The point is that you don't need to. The guarantees compose.

> The usual retort to these questions is 'well, the standard library uses unsafe code

It's not about the standard library, it's much more fundamental than that: hardware is not memory safe to access.

> If Rust did not have a mechanism to use external code then it would be fine

This is what GC'd languages with runtimes do. And even they almost always include FFI, which lets you call into arbitrary code via the C ABI, allowing for unsafe things. Rust is a language intended to be used at the bottom of the stack, and so has more first-class support, calling it "unsafe" instead of FFI.

3. cesarb ◴[] No.43390196[source]
> Is there such a boundary? How do you know a function doesn't call unsafe code without looking at every function called in it, and every function those functions call, and so on?

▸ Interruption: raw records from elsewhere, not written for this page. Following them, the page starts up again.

Lemma cyclic_cycle_of y z : cyclic F z -> y \in cycle_of F z -> cyclic F y.
Proof.
move=> zc; have [-> //|nyz] := eqVneq y z.
rewrite inE => /andP [zy /connectP [[|w p] /= yp yz]].
  by rewrite yz eqxx in nyz.
case/andP: yp => yw wp; apply/existsP; exists w; apply/andP; split=> //.
by apply: connect_trans zy; apply/connectP; exists p.
Qed.

Lemma on_cycle_mem m C x : C \in cycles F -> on_cycle F m C -> x \in m ->
  cyclic F x /\ C = cycle_of F x.
Proof.
case/imsetP => z; rewrite inE => zc ->.
case/existsP => a /andP [_ /andP [/andP [/eqP <- a1] a2]].
rewrite !inE => /orP [] /eqP ->.
- by split; [exact: cyclic_cycle_of a1 | rewrite (cycle_of_eq a1)].
- by split; [exact: cyclic_cycle_of a2 | rewrite (cycle_of_eq a2)].
Qed.

End Cycles.

Section Successor.
Variables (T : finType) (F : {set T * T}).
Hypothesis F_functional : forall x y z, (x, y) \in F -> (x, z) \in F -> y = z.

Definition succ x := odflt x [pick y | (x, y) \in F].

Lemma succ_edge x y : (x, y) \in F -> succ x = y.
Proof.
rewrite /succ => xy; case: pickP => [w xw|/(_ y)]; last by rewrite xy.
exact: F_functional xw xy.
Qed.

Lemma succ_out x : (x, succ x) \notin F -> succ x = x.
Proof. by rewrite /succ; case: pickP => [w /= ->|]. Qed.

Lemma connect_succ : connect (Frel F) =2 fconnect succ.
Proof.
move=> x y; apply/idP/idP; apply: connect_sub => u v.
- by move/succ_edge <-; exact: fconnect1.
- move/eqP <-; have [uv|nuv] := boolP ((u, succ u) \in F); first exact: connect1.
  by rewrite succ_out.
Qed.

Lemma cyclicE x : cyclic F x = ((x, succ x) \in F) && fconnect succ (succ x) x.
Proof.
apply/existsP/andP => [[y /andP [xy yx]]|[xs sx]].
- by rewrite (succ_edge xy) -connect_succ.
- by exists (succ x); rewrite xs connect_succ.
Qed.

(* The predecessor of x on its cycle; x may also have predecessors on trees. *)
Definition cpred x := prev (orbit succ x) x.

Definition cycle_edges x : {set {set T}} := [set [set cpred x; x]; [set x; succ x]].

Section CyclicVertex.
Variable x : T.
Hypothesis x_cyclic : cyclic F x.

Let x_succ : (x, succ x) \in F.
Proof. by move: x_cyclic; rewrite cyclicE => /andP []. Qed.

Let succ_x_x : fconnect succ (succ x) x.
Proof. by move: x_cyclic; rewrite cyclicE => /andP []. Qed.

Let orbit_fcycle : fcycle succ (orbit succ x).
Proof. exact: (orbitPcycle 2 0).1 succ_x_x. Qed.

Let cpred_orbit : cpred x \in orbit succ x.
Proof. by rewrite mem_prev in_orbit. Qed.

Lemma succ_cpred : succ (cpred x) = x.
Proof. exact/eqP/(prev_cycle orbit_fcycle)/in_orbit. Qed.

Lemma cpred_cycle_of : cpred x \in cycle_of F x.
Proof.
rewrite inE !connect_succ fconnect_orbit cpred_orbit /=.
by rewrite -{2}succ_cpred fconnect1.
Qed.

Lemma cpred_edge : (cpred x, x) \in F.
Proof.
have [|out] := boolP ((cpred x, succ (cpred x)) \in F); first by rewrite succ_cpred.
have px : cpred x = x by rewrite -[RHS]succ_cpred (succ_out out).
by rewrite px; move: x_succ; rewrite -{2}px succ_cpred.
Qed.

Lemma cpred_unique q : q \in cycle_of F x -> (q, x) \in F -> q = cpred x.
Proof.
rewrite inE connect_succ fconnect_orbit => /andP [qO _] /succ_edge qx.
apply: ((orbitPcycle 0 5).1 orbit_fcycle) => //.
by rewrite qx succ_cpred.
Qed.

Lemma on_cycle_throughE (m C : {set T}) : x \in m ->
  (C \in cycles F) && on_cycle F m C = (C == cycle_of F x) && (m \in cycle_edges x).
Proof.
move=> xm; have xC : x \in cycle_of F x by rewrite inE connect0.
apply/andP/andP => [[CF mC]|[/eqP -> me]].
  have [_ CE] := on_cycle_mem CF mC xm; rewrite CE eqxx in mC *; split=> //.
  case/existsP: mC => [[u v]] /andP [uv /andP [/andP [/eqP um uC] _]] /=.
  subst m; move: xm; rewrite /und /= !inE => /orP [] /eqP xE.
  - by rewrite -xE in uv *; rewrite (succ_edge uv) eqxx orbT.
  - by rewrite -xE in uv uC *; rewrite -(cpred_unique uC uv) eqxx.
split; first by apply: imset_f; rewrite inE.
apply/existsP; move: me; rewrite !inE => /orP [] /eqP ->.
- by exists (cpred x, x); rewrite cpred_edge eqxx cpred_cycle_of xC.
- exists (x, succ x); rewrite x_succ eqxx xC inE /= !connect_succ fconnect1.
  exact: succ_x_x.
Qed.

End CyclicVertex.
End Successor.

Lemma cards_alternating_pair (T : finType) (A : {set T}) (a b : T) (c : bool) :
  (a \in A) != (b \in A) -> #|[set z in [set a; b] | (z \in A) == c]| = 1.
Proof.
move=> ab; apply/eqP/cards1P.
have nab : a != b by apply: contraNneq ab => ->.
exists (if (a \in A) == c then a else b); apply/setP => z; rewrite !inE.
have [->|za] := eqVneq z a; last have [->|zb] := eqVneq z b.
- by case: ifP; rewrite ?eqxx ?(negbTE nab) //= => ->.
- by rewrite /= (eq_sym b); move: ab; case: (a \in A); case: (b \in A); case: c;
    rewrite //= ?eqxx ?(negbTE nab).
- by case: ifP => _; rewrite /= ?(negbTE za) ?(negbTE zb).
Qed.

Lemma perfect_matching_uniq (T : finType) (e : rel T) (V : {set T})
    (M : {set {set T}}) x m m' :
  perfect_matching e V M -> x \in V -> m \in M -> m' \in M -> x \in m -> x \in m' ->
  m = m'.
Proof.
case=> _ deg xV mM m'M xm xm'; have /eqP/cards1P [m0 Mx] := deg x xV.
have : m \in [set m in M | x \in m] by rewrite inE mM.
have : m' \in [set m in M | x \in m] by rewrite inE m'M.
by rewrite Mx => /set1P -> /set1P ->.
Qed.

Section Matching.
Variables (T : finType) (e : rel T) (V : {set T}).
Variables (F : {set T * T}) (M0 S : {set {set T}}).
Hypothesis F_functional : forall x y z, (x, y) \in F -> (x, z) \in F -> y = z.
Hypothesis F_source : forall x y, (x, y) \in F -> x \in V.
Hypothesis F_edge : forall a, a \in F -> e a.1 a.2.
Hypothesis e_irr : irreflexive e.
Hypothesis M0_matching : perfect_matching e V M0.
Hypothesis M0_alternating : forall u v w, cyclic F u -> (u, v) \in F -> (v, w) \in F ->
  (und (u, v) \in M0) != (und (v, w) \in M0).

Lemma cyclic_in_V x : cyclic F x -> x \in V.
Proof. by case/existsP => y /andP [/F_source]. Qed.

Lemma exists_on_cycle_through x (m : {set T}) (P : pred {set T}) :
  cyclic F x -> x \in m ->
  [exists C in cycles F, P C && on_cycle F m C] =
  P (cycle_of F x) && (m \in cycle_edges F x).
Proof.
move=> xc xm; apply/existsP/andP => [[C /and3P [CF PC mC]]|[Px me]].
  have := on_cycle_throughE F_functional xc C xm.
  by rewrite CF mC => /esym/andP [/eqP <-].
exists (cycle_of F x); have := on_cycle_throughE F_functional xc (cycle_of F x) xm.
by rewrite eqxx me Px => /andP [-> ->].
Qed.

Lemma no_cycle_through x (m C : {set T}) :
  ~~ cyclic F x -> x \in m -> C \in cycles F -> on_cycle F m C = false.
Proof.
move=> xc xm CF; apply/negbTE/negP => mC.
by have [] := on_cycle_mem CF mC xm; rewrite (negbTE xc).
Qed.

Lemma mem_cycle_edges x (m : {set T}) : m \in cycle_edges F x -> x \in m.
Proof. by rewrite !inE => /orP [] /eqP ->; rewrite !inE eqxx ?orbT. Qed.

Lemma cycle_edges_alternating x : cyclic F x ->
  ([set cpred F x; x] \in M0) != ([set x; succ F x] \in M0).
Proof.
move=> xc; have xs : (x, succ F x) \in F by move: xc; rewrite cyclicE // => /andP [].
have pc := cyclic_cycle_of xc (cpred_cycle_of F_functional xc).
exact: M0_alternating pc (cpred_edge F_functional xc) xs.
Qed.

Lemma M0_edge_cyclic x (m : {set T}) :
  cyclic F x -> m \in M0 -> x \in m -> m \in cycle_edges F x.
Proof.
move=> xc mM xm; have alt := cycle_edges_alternating xc.
have xV := cyclic_in_V xc.
set mp := [set cpred F x; x] in alt; set ms := [set x; succ F x] in alt.
have [mpM|mpM] := boolP (mp \in M0).
- by rewrite (perfect_matching_uniq M0_matching xV mM mpM xm) ?inE ?eqxx ?orbT.
- have msM : ms \in M0 by move: alt; rewrite (negbTE mpM); case: (ms \in M0).
  by rewrite (perfect_matching_uniq M0_matching xV mM msM xm) ?inE ?eqxx ?orbT.
Qed.

Lemma M_eps_edge (m : {set T}) : m \in M_eps F M0 S -> edge_in e V m.
Proof.
case: M0_matching => M0_edge _.
rewrite inE => /or3P [/andP [mM _]|/existsP [C /and3P [_ /andP [_ mM] _]]|];
  try exact: M0_edge.
case/existsP => C /and3P [CF _ mC].
case/existsP: (mC) => a /andP [aF /andP [/andP [/eqP am _] _]].
have aV y : y \in m -> y \in V by move=> ym; have [/cyclic_in_V] := on_cycle_mem CF mC ym.
exists a.1, a.2; split; rewrite ?aV -?am ?inE ?eqxx ?orbT //; last exact: F_edge.
by apply: contraTneq (F_edge aF) => ->; rewrite e_irr.
Qed.

Lemma mem_M_eps_acyclic x (m : {set T}) : ~~ cyclic F x -> x \in m ->
  (m \in M_eps F M0 S) = (m \in M0).
Proof.
move=> xc xm; rewrite inE; apply/or3P/idP => [[/andP [] //| |]|mM];
  try by case/existsP => C /and3P [CF _]; rewrite (no_cycle_through xc xm CF).
apply: Or31; rewrite mM; apply/existsP => [[C /andP [CF]]].
by rewrite (no_cycle_through xc xm CF).
Qed.

Lemma mem_M_eps_cyclic x (m : {set T}) : cyclic F x -> x \in m ->
  (m \in M_eps F M0 S) =
  (m \in cycle_edges F x) && ((m \in M0) == (cycle_of F x \notin S)).
Proof.
move=> xc xm; have onC := exists_on_cycle_through xpredT xc xm; rewrite /= in onC.
rewrite inE onC (exists_on_cycle_through (fun C => (C \notin S) && (m \in M0)) xc xm).
rewrite (exists_on_cycle_through (fun C => (C \in S) && (m \notin M0)) xc xm) /=.
have := @M0_edge_cyclic x m xc.
by case: (m \in M0); case: (m \in cycle_edges F x); case: (_ \in S) => // /(_ isT xm).
Qed.

Lemma M_eps_deg x : x \in V -> #|[set m in M_eps F M0 S | x \in m]| = 1.
Proof.
move=> xV; have [xc|xc] := boolP (cyclic F x).
- rewrite -(cards_alternating_pair (cycle_of F x \notin S) (cycle_edges_alternating xc)).
  rewrite -/(cycle_edges F x); apply: eq_card => m; rewrite [LHS]in_set [RHS]in_set.
  have [xm|xm] := boolP (x \in m); first by rewrite andbT (mem_M_eps_cyclic xc xm).
  by rewrite andbF (contraNF (@mem_cycle_edges x m) xm).
- case: M0_matching => _ deg; rewrite -(deg x xV); apply: eq_card => m.
  rewrite [LHS]in_set [RHS]in_set; have [xm|_] := boolP (x \in m); last by rewrite !andbF.
  by rewrite (mem_M_eps_acyclic xc xm).
Qed.

End Matching.

Section RootedForest.
Variables (T : finType) (e : rel T) (V : {set T}) (F : {set T * T}).
Hypothesis F_forest : RCRSF e V (~: V) F.

Lemma RCRSF_source x y : (x, y) \in F -> x \in V.
Proof.
by case: F_forest => _ _ root _; apply: contraTT => xR; apply: root; rewrite inE.
Qed.

Lemma RCRSF_functional x y z : (x, y) \in F -> (x, z) \in F -> y = z.
Proof.
move=> xy xz; case: F_forest => _ out _ _.
have /eqP/cards1P [w Fx] := out x (RCRSF_source xy).
have : y \in [set y | (x, y) \in F] by rewrite inE.
have : z \in [set y | (x, y) \in F] by rewrite inE.
by rewrite Fx => /set1P -> /set1P ->.
Qed.

End RootedForest.

Lemma Rset_setC n r : Rset n r = ~: Vset n r.
Proof. by apply/setP => x; rewrite !inE leqNgt. Qed.

Theorem lemma6 (n r : nat) (e : rel 'I_(n + r))
    (F : {set 'I_(n + r) * 'I_(n + r)}) (M0 : {set {set 'I_(n + r)}}) :
  2 <= n -> ~~ odd n -> 1 <= r ->
  simple_graph e ->
  perfect_matching e (Vset n r) M0 ->
  RCRSF e (Vset n r) (Rset n r) F ->
  compatible n F M0 ->
  forall S : {set {set 'I_(n + r)}}, S \subset cycles F ->
    perfect_matching e (Vset n r) (M_eps F M0 S).
Proof.
move=> _ _ _ [_ e_irr] M0_matching; rewrite Rset_setC => F_forest [_ _ _ _ alt] S _.
have F_functional := RCRSF_functional F_forest.
have F_source := RCRSF_source F_forest.
have [F_edge _ _ _] := F_forest.
split=> [m|x].
- exact: (M_eps_edge F_source F_edge e_irr M0_matching).
- exact: (M_eps_deg S F_functional F_source M0_matching alt).
Qed.
(* In a bond every attribute of R lies in exactly one factor and every other
   attribute in exactly two, so the scope of R is the symmetric difference of
   the factor scopes, and arity R has the parity of the number of factors of
   odd arity, i.e. of unary plus ternary factors.  A unary factor U on an
   attribute x can be eliminated: x is not an attribute of R, for otherwise U
   would be a unary Cartesian factor of R, so x is shared with exactly one other
   factor S, and U and S can be replaced by their bond, which is S with x
   projected away.  This never increases the number of ternary factors, so a
   representation with ter(R) ternary factors turns into a unary-free one with
   the same number, whence arity R = ter(R) mod 2. *)

From mathcomp Require Import all_boot finmap zify.
From Stdlib Require Import FunctionalExtensionality.
Set Implicit Arguments. Unset Strict Implicit. Unset Printing Implicit Defensive.
Local Open Scope fset_scope.

Lemma has_split T (p : pred T) (s : seq T) :
  has p s -> exists l1 y l2, s = l1 ++ y :: l2 /\ p y.
Proof. by case/split_find => y l1 l2 py _; exists l1, y, l2; rewrite cat_rcons. Qed.

Lemma eq_restr D (p : pred nat) (a a' : nat -> option D) :
  (forall y, p y -> a y = a' y) -> restr p a = restr p a'.
Proof.
by move=> Eaa'; apply: functional_extensionality => y; rewrite /restr; case: ifP => // /Eaa'.
Qed.

Lemma in_all_cat D (l1 l2 : seq (relation D)) a :
  in_all (l1 ++ l2) a <-> in_all l1 a /\ in_all l2 a.
Proof. by elim: l1 => [|F l IH] /=; tauto. Qed.

Lemma all_factors_cat D P (l1 l2 : seq (relation D)) :
  all_factors P (l1 ++ l2) <-> all_factors P l1 /\ all_factors P l2.
Proof. by elim: l1 => [|F l IH] /=; tauto. Qed.

Lemma in_all_congr D (L : seq (relation D)) a a' :
  (forall y, 0 < occ L y -> a y = a' y) -> in_all L a -> in_all L a'.
Proof.
elim: L => [|F L IH] //= Eaa' [Fa La]; split.
- by rewrite -(@eq_restr _ _ a) // => y Fy; apply: Eaa'; rewrite /occ /= Fy.
- by apply: IH La => y Ly; apply: Eaa'; rewrite /occ /= addn_gt0 -/(occ L y) Ly orbT.
Qed.

Lemma eq_represents D (Rs Rs' : seq (relation D)) R :
  occ Rs =1 occ Rs' -> (forall a, in_all Rs a <-> in_all Rs' a) ->
  (forall P, all_factors P Rs <-> all_factors P Rs') ->
  represents Rs R -> represents Rs' R.
Proof.
move=> /functional_extensionality Eocc Ein Efac.
rewrite /represents /bondable /bond_mem /join_mem Eocc Efac.
move=> [bd [facs [scR memR]]]; split=> //; split=> //; split=> // b; rewrite memR.
by split=> -[domb [a [[doma ina] ab]]]; split=> //; exists a; split=> //; split=> //; apply/Ein.
Qed.

Lemma represents_rot D (l1 l2 : seq (relation D)) F R :
  represents (l1 ++ F :: l2) R -> represents (F :: l1 ++ l2) R.
Proof.
apply: eq_represents.
- by move=> x; rewrite /occ /= !count_cat /= addnCA.
- by move=> a; rewrite /= !in_all_cat /=; tauto.
- by move=> P; rewrite /= !all_factors_cat /=; tauto.
Qed.

Definition symd (A B : {fset nat}) := (A `\` B) `|` (B `\` A).

Lemma in_symd A B x : (x \in symd A B) = (x \in A) (+) (x \in B).
Proof. by rewrite in_fsetU !in_fsetD; case: (x \in A); case: (x \in B). Qed.

Lemma odd_card_symd A B : odd #|` symd A B| = odd #|` A| (+) odd #|` B|.
Proof.
have disjD : (A `\` B) `&` (B `\` A) = fset0.
  by apply/fsetP => y; rewrite in_fsetI !in_fsetD in_fset0; case: (y \in A); case: (y \in B).
have := cardfsUI (A `\` B) (B `\` A); rewrite disjD cardfs0 addn0 => ->.
rewrite -(cardfsID B A) -(cardfsID A B) [B `&` A]fsetIC !oddD.
by case: (odd _); case: (odd _); case: (odd _).
Qed.

Definition symd_scopes D (Rs : seq (relation D)) : {fset nat} :=
  foldr (fun S acc => symd (scope S) acc) fset0 Rs.

Lemma in_symd_scopes D (Rs : seq (relation D)) x :
  (x \in symd_scopes Rs) = odd (occ Rs x).
Proof.
elim: Rs => [|S Rs IH] /=; first by rewrite in_fset0.
by rewrite in_symd IH /occ /= oddD; case: (x \in scope S).
Qed.

Lemma odd_arity_bond D (Rs : seq (relation D)) R : represents Rs R ->
  odd (arity R) = odd (ternary_count Rs + count (fun S => arity S == 1) Rs).
Proof.
case=> bd [facs [scR _]].
have -> : arity R = #|` symd_scopes Rs|.
  congr #|` _|; apply/fsetP => x; rewrite scR in_symd_scopes.
  by case: (occ Rs x) (bd x) => [|[|[|]]].
elim: Rs facs {bd scR} => [|S Rs IH] //= [[_ S3] facs].
rewrite odd_card_symd IH // /ternary_count /= -/(arity S).
by case: (arity S) S3 => [|[|[|[|]]]] //= _; rewrite add0n add1n addnS.
Qed.

Lemma unary_cartesian_of_bond D (R U : relation D) L x :
  wf_rel R -> represents (U :: L) R -> scope U = [fset x] -> occ L x = 0 ->
  has_unary_cartesian_factor R.
Proof.
move=> wfR [_ [_ [scR memR]]] Ux Lx.
have occx : occ (U :: L) x = 1 by rewrite /occ /= Ux fset11 -/(occ L x) Lx.
have xR : x \in scope R by rewrite scR occx.
have restrU a : restr (fun y => y \in scope U) a = restr (pred1 x) a.
  by apply: functional_extensionality => y; rewrite /restr Ux in_fset1.
exists x; split=> //.
exists (rmem U), (fun c => exists2 b, rmem R b &
  restr (fun y => (y \in scope R) && (y != x)) b = c) => a; split.
- move=> Ra; split; first exact: wfR.
  have [_ [a0 [[_ [Ua0 _]] a0a]]] := (memR a).1 Ra.
  split; last by exists a.
  by rewrite -(@eq_restr _ _ a0) -?restrU // => y /eqP ->; apply: a0a; rewrite occx.
- move=> [doma [Ua [b Rb ba]]].
  have [_ [a0 [[doma0 [Ua0 La0]] a0b]]] := (memR b).1 Rb.
  apply/memR; split; first by move=> y; rewrite -scR doma.
  exists (fun y => if y == x then a x else a0 y); split; [split|].
  + move=> y; case: eqP => [->|_]; first by rewrite doma xR occx.
    exact: doma0.
  + split; last by apply: in_all_congr La0 => y; case: eqP => // ->; rewrite Lx.
    by rewrite restrU -(@eq_restr _ _ a) // => y /eqP ->; rewrite eqxx.
  + move=> y occy; case: eqP => [-> //|/eqP nyx].
    have yR : y \in scope R by rewrite scR.
    by rewrite a0b //; have := congr1 (@^~ y) ba; rewrite /restr yR nyx.
Qed.

Definition upd D (a : nat -> option D) x d : nat -> option D :=
  fun y => if y == x then Some d else a y.

Lemma restr_upd D (A : {fset nat}) (b : nat -> option D) x d : x \in A ->
  restr (fun y => y \in A) (upd b x d) = upd (restr (fun y => y \in A `\ x) b) x d.
Proof.
move=> xA; apply: functional_extensionality => y.
by rewrite /restr /upd in_fsetD1; case: (eqVneq y x) => [->|_] //=; rewrite xA.
Qed.

Lemma restr1_upd D (b : nat -> option D) x d :
  restr (fun y => y \in [fset x]) (upd b x d) = upd (fun _ => None) x d.
Proof. by apply: functional_extensionality => y; rewrite /restr /upd in_fset1; case: eqP. Qed.

Lemma upd_restr D (a : nat -> option D) x d :
  a x = Some d -> upd (restr (fun y => y != x) a) x d = a.
Proof.
by move=> ax; apply: functional_extensionality => y; rewrite /upd /restr; case: eqVneq => [->|].
Qed.

Definition absorb_unary D (U S : relation D) x : relation D :=
  Relation (scope S `\ x)
   (fun b => has_dom (fun y => y \in scope S `\ x) b /\
      exists d, rmem S (upd b x d) /\ rmem U (upd (fun _ => None) x d)).

Lemma arity_absorb_unary D (U S : relation D) x :
  x \in scope S -> arity (absorb_unary U S x) = (arity S).-1.
Proof. by move=> xS; rewrite /arity [in RHS](cardfsD1 x) xS. Qed.

Section AbsorbUnary.

Variables (D : Type) (U S : relation D) (L : seq (relation D)) (x : nat).
Hypotheses (Ux : scope U = [fset x]) (xS : x \in scope S) (Lx : occ L x = 0).

Local Notation S' := (absorb_unary U S x).

Lemma occ_absorb_unary y :
  occ (S' :: L) y = if y == x then 0 else occ (U :: S :: L) y.
Proof.
by rewrite /occ /= in_fsetD1 Ux in_fset1; case: eqVneq => [->|] //=; rewrite -/(occ L x) Lx.
Qed.

Lemma occ_unary_pair : occ (U :: S :: L) x = 2.
Proof. by rewrite /occ /= Ux fset11 xS -/(occ L x) Lx. Qed.

Lemma occ1_absorb_unary y : (occ (S' :: L) y == 1) = (occ (U :: S :: L) y == 1).
Proof. by rewrite occ_absorb_unary; case: (eqVneq y x) => [->|]; rewrite ?occ_unary_pair. Qed.

Lemma join_absorb_unary a :
  join_mem (U :: S :: L) a -> join_mem (S' :: L) (restr (fun y => y != x) a).
Proof.
case=> doma [Ua [Sa La]].
have [d ax] : exists d, a x = Some d.
  by case: (a x) (doma x) => [d _|]; [exists d | rewrite occ_unary_pair].
split.
  by move=> y; rewrite occ_absorb_unary /restr; case: eqVneq => //= _; apply: doma.
split; last by apply: in_all_congr La => y; rewrite /restr; case: eqVneq => // ->; rewrite Lx.
split.
  move=> y; rewrite /restr; case: ifP => //= /fsetD1P[nyx yS]; rewrite nyx doma.
  by rewrite /occ /= yS addnS.
exists d; rewrite -restr_upd // upd_restr //.
by rewrite -(restr1_upd (restr (fun y => y != x) a)) upd_restr // -Ux.
Qed.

Yes, there is a boundary, and usually it's either the function itself, or all methods of an object. For instance, a function I wrote recently goes somewhat like this:

  fn read_unaligned_u64_from_byte_slice(src: &[u8]) -> u64 {
    assert_eq!(src.len(), size_of::<u64>());
    unsafe { std::ptr::read_unaligned(src.as_ptr().cast::<u64>()) }
  }
The read_unaligned function (https://doc.rust-lang.org/std/ptr/fn.read_unaligned.html) has two preconditions which have to be checked manually. When doing so, you'll notice that the "src" argument must have at least 8 bytes for these preconditions to be met; the "assert_eq!()" call before that unsafe block ensures that (it will safely panic unless the "src" slice has exactly 8 bytes). That is, my "read_unaligned_u64_from_byte_slice" function is safe, even though it calls unsafe code; the function is the boundary between safe and unsafe code. No callers of that function have to worry that it calls unsafe code in its implementation.
4. umanwizard ◴[] No.43396112[source]
The point of rust isn’t to formally prove that there are no bugs. It’s just to make writing certain classes of bugs harder. That’s what people are missing when they point out that yes, it’s possible to circumvent safety mechanisms. It’s a strawman: bulletproof, guaranteed security simply isn’t a design goal of rust.